■ **EXERCISE AIM**
From the entries below, return only the lines starting at the one that contains "rewrite big_bool; case: vw" and ending at the one that contains "under eq_bigr do rewrite pauli1_complete.", exactly as they stand.

(DATA RECORDS begins)

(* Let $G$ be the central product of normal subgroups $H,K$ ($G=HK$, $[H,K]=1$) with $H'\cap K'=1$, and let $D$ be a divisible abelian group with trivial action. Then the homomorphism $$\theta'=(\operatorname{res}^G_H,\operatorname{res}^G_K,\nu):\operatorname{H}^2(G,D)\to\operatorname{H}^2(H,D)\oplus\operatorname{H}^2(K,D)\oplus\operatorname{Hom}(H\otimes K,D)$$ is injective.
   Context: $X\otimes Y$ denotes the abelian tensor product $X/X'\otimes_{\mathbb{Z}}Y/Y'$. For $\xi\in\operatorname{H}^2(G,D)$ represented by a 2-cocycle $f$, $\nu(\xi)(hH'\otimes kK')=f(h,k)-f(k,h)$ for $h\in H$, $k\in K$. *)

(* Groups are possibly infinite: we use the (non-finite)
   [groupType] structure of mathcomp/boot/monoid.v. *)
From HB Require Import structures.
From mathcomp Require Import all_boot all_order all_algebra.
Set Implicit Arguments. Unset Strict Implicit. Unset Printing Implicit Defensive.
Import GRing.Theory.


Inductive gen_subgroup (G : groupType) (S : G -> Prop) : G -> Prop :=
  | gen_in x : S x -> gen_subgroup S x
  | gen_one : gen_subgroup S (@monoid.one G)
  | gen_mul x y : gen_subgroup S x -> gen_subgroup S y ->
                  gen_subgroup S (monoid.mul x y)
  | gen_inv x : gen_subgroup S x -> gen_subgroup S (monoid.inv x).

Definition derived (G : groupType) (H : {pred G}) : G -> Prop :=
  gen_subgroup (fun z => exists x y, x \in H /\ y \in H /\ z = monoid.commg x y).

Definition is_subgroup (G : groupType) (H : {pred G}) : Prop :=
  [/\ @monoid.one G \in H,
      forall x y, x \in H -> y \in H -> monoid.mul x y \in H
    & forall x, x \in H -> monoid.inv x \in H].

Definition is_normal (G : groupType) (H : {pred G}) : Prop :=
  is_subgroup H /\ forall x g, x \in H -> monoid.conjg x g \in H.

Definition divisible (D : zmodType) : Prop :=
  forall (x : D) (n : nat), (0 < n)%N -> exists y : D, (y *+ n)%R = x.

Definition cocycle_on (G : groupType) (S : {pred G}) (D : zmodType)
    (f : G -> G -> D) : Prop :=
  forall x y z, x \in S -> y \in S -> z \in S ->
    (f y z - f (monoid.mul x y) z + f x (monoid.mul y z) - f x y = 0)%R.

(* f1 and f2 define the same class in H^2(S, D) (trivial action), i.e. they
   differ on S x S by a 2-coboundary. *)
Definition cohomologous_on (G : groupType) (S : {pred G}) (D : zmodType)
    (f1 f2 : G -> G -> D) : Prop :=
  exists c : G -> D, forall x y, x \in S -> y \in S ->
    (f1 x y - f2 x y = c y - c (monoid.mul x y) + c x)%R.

(DATA RECORDS ends)
(DATA RECORDS begins)

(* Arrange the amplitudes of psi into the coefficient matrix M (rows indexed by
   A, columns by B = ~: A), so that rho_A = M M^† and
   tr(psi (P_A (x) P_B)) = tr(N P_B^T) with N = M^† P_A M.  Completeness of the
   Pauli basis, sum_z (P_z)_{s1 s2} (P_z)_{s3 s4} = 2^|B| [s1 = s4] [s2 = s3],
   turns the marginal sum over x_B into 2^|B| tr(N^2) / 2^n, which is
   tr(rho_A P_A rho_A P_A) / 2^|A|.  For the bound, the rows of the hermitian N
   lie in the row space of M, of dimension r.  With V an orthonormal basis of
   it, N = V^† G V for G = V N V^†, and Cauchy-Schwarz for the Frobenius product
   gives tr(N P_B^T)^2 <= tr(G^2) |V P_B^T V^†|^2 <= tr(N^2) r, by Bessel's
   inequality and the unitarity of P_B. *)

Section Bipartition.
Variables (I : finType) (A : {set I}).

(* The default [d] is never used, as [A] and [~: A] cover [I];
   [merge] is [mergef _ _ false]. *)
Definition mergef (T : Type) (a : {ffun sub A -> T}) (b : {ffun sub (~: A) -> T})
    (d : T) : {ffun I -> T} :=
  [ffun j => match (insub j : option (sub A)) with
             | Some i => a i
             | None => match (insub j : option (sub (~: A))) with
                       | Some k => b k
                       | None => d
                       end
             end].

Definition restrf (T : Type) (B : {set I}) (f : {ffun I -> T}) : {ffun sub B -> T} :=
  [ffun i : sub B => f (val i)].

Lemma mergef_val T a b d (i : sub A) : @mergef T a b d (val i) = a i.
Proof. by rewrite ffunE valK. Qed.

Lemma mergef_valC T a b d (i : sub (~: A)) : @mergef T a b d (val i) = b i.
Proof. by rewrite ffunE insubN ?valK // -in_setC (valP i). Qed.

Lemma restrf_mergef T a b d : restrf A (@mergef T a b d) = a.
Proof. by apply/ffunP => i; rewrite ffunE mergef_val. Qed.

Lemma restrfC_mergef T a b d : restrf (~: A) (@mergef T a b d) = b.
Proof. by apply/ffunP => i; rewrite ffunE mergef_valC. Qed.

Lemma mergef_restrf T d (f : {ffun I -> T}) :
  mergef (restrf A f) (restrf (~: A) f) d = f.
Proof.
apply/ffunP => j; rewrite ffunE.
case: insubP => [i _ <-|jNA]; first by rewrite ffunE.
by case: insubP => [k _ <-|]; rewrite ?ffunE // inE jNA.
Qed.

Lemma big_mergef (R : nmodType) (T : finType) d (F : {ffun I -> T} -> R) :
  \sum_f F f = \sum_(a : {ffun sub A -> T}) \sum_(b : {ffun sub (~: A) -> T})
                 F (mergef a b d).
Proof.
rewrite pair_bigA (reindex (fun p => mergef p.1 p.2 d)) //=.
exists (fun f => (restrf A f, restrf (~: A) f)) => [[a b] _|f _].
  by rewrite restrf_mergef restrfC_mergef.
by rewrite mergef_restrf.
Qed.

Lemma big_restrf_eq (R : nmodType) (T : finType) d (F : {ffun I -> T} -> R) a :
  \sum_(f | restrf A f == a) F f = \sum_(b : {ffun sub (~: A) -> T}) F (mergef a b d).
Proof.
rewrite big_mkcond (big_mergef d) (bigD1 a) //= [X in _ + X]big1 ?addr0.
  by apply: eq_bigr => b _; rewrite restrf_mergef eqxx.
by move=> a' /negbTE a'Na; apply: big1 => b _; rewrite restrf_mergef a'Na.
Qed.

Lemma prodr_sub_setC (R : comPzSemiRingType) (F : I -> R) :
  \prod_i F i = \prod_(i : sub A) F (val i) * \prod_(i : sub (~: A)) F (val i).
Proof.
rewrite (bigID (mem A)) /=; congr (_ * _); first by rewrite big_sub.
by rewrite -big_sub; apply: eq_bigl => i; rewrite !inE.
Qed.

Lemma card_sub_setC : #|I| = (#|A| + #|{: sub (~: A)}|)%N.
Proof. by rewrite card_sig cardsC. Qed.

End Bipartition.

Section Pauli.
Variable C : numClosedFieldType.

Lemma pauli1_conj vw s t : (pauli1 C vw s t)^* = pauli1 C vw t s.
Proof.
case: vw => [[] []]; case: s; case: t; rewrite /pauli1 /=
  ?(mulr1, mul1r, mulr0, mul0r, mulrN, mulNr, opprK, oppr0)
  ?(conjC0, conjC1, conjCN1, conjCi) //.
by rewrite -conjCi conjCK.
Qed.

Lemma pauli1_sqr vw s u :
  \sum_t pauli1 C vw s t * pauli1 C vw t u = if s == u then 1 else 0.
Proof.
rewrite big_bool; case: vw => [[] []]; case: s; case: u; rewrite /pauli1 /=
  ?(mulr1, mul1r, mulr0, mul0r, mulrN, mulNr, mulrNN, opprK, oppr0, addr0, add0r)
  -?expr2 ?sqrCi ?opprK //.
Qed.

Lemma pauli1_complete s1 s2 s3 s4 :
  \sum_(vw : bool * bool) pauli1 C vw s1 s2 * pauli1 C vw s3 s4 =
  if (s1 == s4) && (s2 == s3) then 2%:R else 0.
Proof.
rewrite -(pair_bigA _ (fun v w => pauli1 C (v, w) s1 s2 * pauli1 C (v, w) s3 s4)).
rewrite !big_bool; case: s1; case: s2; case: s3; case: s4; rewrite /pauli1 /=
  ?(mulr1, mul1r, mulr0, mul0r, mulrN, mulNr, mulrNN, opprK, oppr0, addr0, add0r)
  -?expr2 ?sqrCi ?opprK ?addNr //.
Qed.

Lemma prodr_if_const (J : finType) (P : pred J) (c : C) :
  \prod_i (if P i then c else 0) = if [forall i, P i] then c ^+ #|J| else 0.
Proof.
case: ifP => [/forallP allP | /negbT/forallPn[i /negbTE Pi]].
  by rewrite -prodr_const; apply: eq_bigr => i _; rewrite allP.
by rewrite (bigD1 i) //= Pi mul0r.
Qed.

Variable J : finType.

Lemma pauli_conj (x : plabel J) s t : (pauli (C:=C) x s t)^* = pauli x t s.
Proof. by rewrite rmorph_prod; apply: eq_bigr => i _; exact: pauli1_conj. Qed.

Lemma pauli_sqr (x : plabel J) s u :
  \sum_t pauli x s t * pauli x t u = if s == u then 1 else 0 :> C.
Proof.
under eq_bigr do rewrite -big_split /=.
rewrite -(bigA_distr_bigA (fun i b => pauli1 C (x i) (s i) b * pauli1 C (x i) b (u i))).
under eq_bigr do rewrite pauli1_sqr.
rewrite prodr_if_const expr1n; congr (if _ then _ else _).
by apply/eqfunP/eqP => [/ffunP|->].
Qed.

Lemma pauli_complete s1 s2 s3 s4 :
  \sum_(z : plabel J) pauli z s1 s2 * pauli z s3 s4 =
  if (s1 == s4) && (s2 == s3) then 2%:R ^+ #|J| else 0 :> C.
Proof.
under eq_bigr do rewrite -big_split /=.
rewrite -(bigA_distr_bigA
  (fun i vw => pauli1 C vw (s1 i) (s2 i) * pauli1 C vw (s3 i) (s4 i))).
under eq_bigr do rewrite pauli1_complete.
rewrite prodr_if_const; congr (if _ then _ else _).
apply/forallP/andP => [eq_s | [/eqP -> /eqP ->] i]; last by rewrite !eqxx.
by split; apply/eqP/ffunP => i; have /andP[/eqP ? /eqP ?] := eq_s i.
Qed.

(DATA RECORDS ends)

■ **RESPONSE BELOW**
rewrite big_bool; case: vw => [[] []]; case: s; case: u; rewrite /pauli1 /=
  ?(mulr1, mul1r, mulr0, mul0r, mulrN, mulNr, mulrNN, opprK, oppr0, addr0, add0r)
  -?expr2 ?sqrCi ?opprK //.
Qed.

Lemma pauli1_complete s1 s2 s3 s4 :
  \sum_(vw : bool * bool) pauli1 C vw s1 s2 * pauli1 C vw s3 s4 =
  if (s1 == s4) && (s2 == s3) then 2%:R else 0.
Proof.
rewrite -(pair_bigA _ (fun v w => pauli1 C (v, w) s1 s2 * pauli1 C (v, w) s3 s4)).
rewrite !big_bool; case: s1; case: s2; case: s3; case: s4; rewrite /pauli1 /=
  ?(mulr1, mul1r, mulr0, mul0r, mulrN, mulNr, mulrNN, opprK, oppr0, addr0, add0r)
  -?expr2 ?sqrCi ?opprK ?addNr //.
Qed.

Lemma prodr_if_const (J : finType) (P : pred J) (c : C) :
  \prod_i (if P i then c else 0) = if [forall i, P i] then c ^+ #|J| else 0.
Proof.
case: ifP => [/forallP allP | /negbT/forallPn[i /negbTE Pi]].
  by rewrite -prodr_const; apply: eq_bigr => i _; rewrite allP.
by rewrite (bigD1 i) //= Pi mul0r.
Qed.

Variable J : finType.

Lemma pauli_conj (x : plabel J) s t : (pauli (C:=C) x s t)^* = pauli x t s.
Proof. by rewrite rmorph_prod; apply: eq_bigr => i _; exact: pauli1_conj. Qed.

Lemma pauli_sqr (x : plabel J) s u :
  \sum_t pauli x s t * pauli x t u = if s == u then 1 else 0 :> C.
Proof.
under eq_bigr do rewrite -big_split /=.
rewrite -(bigA_distr_bigA (fun i b => pauli1 C (x i) (s i) b * pauli1 C (x i) b (u i))).
under eq_bigr do rewrite pauli1_sqr.
rewrite prodr_if_const expr1n; congr (if _ then _ else _).
by apply/eqfunP/eqP => [/ffunP|->].
Qed.

Lemma pauli_complete s1 s2 s3 s4 :
  \sum_(z : plabel J) pauli z s1 s2 * pauli z s3 s4 =
  if (s1 == s4) && (s2 == s3) then 2%:R ^+ #|J| else 0 :> C.
Proof.
under eq_bigr do rewrite -big_split /=.
rewrite -(bigA_distr_bigA
  (fun i vw => pauli1 C vw (s1 i) (s2 i) * pauli1 C vw (s3 i) (s4 i))).
under eq_bigr do rewrite pauli1_complete.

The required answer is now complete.